(Stored items)
Lemma deduction G (HG : forall P, G P -> wf P) X Y : wf X ->
  LGI_prf tn (fun P => G P \/ P = X) Y -> LGI_prf tn G (FImp X Y).
Proof.
  intro HX.
  assert (HG' : forall P, G P \/ P = X -> wf P) by (intros P [H|H]; [auto|subst; auto]).
  induction 1 as [P HA|P [HP|HP]|P Q HP IHP HPQ IHPQ].
  - pose proof (axiom_wf P HA).
    assert (HK : LGI_prf tn G (FImp P (FImp X P))) by prove_tautology.
    exact (prf_mp _ _ _ _ (prf_ax _ _ _ HA) HK).
  - pose proof (HG P HP).
    assert (HK : LGI_prf tn G (FImp P (FImp X P))) by prove_tautology.
    exact (prf_mp _ _ _ _ (prf_hyp _ _ _ HP) HK).
  - subst. prove_tautology.
  - pose proof (prf_wf _ HG' _ HPQ) as W. unfold FImp in W; simpl in W.
    assert (HS : LGI_prf tn G (FImp (FImp X P) (FImp (FImp X (FImp P Q)) (FImp X Q))))
      by prove_tautology.
    exact (prf_mp _ _ _ _ IHPQ (prf_mp _ _ _ _ IHP HS)).
Qed.

Lemma consistent_add_neg G (HG : forall P, G P -> wf P) Z : wf Z ->
  ~ LGI_prf tn G Z -> consistent (fun P => G P \/ P = FNot Z).
Proof.
  intros HZ HnZ Hinc. apply HnZ.
  pose proof (deduction G HG (FNot Z) falsum HZ Hinc) as Hd.
  assert (Hnf : LGI_prf tn G (FNot falsum)) by (apply prf_ax, ax_inkons; grade_arith).
  assert (HS : LGI_prf tn G (FImp (FImp (FNot Z) falsum) (FImp (FNot falsum) Z)))
    by (unfold falsum; prove_tautology).
  exact (prf_mp _ _ _ _ Hnf (prf_mp _ _ _ _ Hd HS)).
Qed.

Definition extend (G : formula -> Prop) (L : list formula) : formula -> Prop :=
  fun P => G P \/ In P L.

Lemma consistent_extend G L (HG : forall P, extend G L P -> wf P) A : wf A ->
  consistent (extend G L) -> consistent (extend G (A :: L)) \/ consistent (extend G (FNot A :: L)).
Proof.
  intros HA Hcons. apply NNPP; intro Hn. apply Hcons.
  assert (Hsub : forall B P, extend G (B :: L) P -> extend G L P \/ P = B)
    by (intros B P [H|[H|H]]; unfold extend; auto).
  assert (Hpos : LGI_prf tn (extend G L) (FImp A falsum)).
  { apply deduction; auto. apply (prf_mono _ _ (Hsub A)), NNPP. tauto. }
  assert (Hneg : LGI_prf tn (extend G L) (FImp (FNot A) falsum)).
  { apply deduction; auto. apply (prf_mono _ _ (Hsub (FNot A))), NNPP. tauto. }
  assert (HS : LGI_prf tn (extend G L) (FImp (FImp A falsum) (FImp (FImp (FNot A) falsum) falsum)))
    by (unfold falsum; prove_tautology).
  exact (prf_mp _ _ _ _ Hneg (prf_mp _ _ _ _ Hpos HS)).
Qed.

Section Lindenbaum.

Variable G : formula -> Prop.
Hypothesis HG : forall P, G P -> wf P.
Variable A : nat -> formula.
Hypothesis HA : forall n, wf (A n).

Fixpoint stage (n : nat) : list formula :=
  match n with
  | O => nil
  | S n =>
      if excluded_middle_informative (consistent (extend G (A n :: stage n)))
      then A n :: stage n else FNot (A n) :: stage n
  end.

EXERCISE DIRECTIONS: Some lines in the data above may hold the word "exact". Say how many, with no other words.

EXERCISE OUTPUT: 5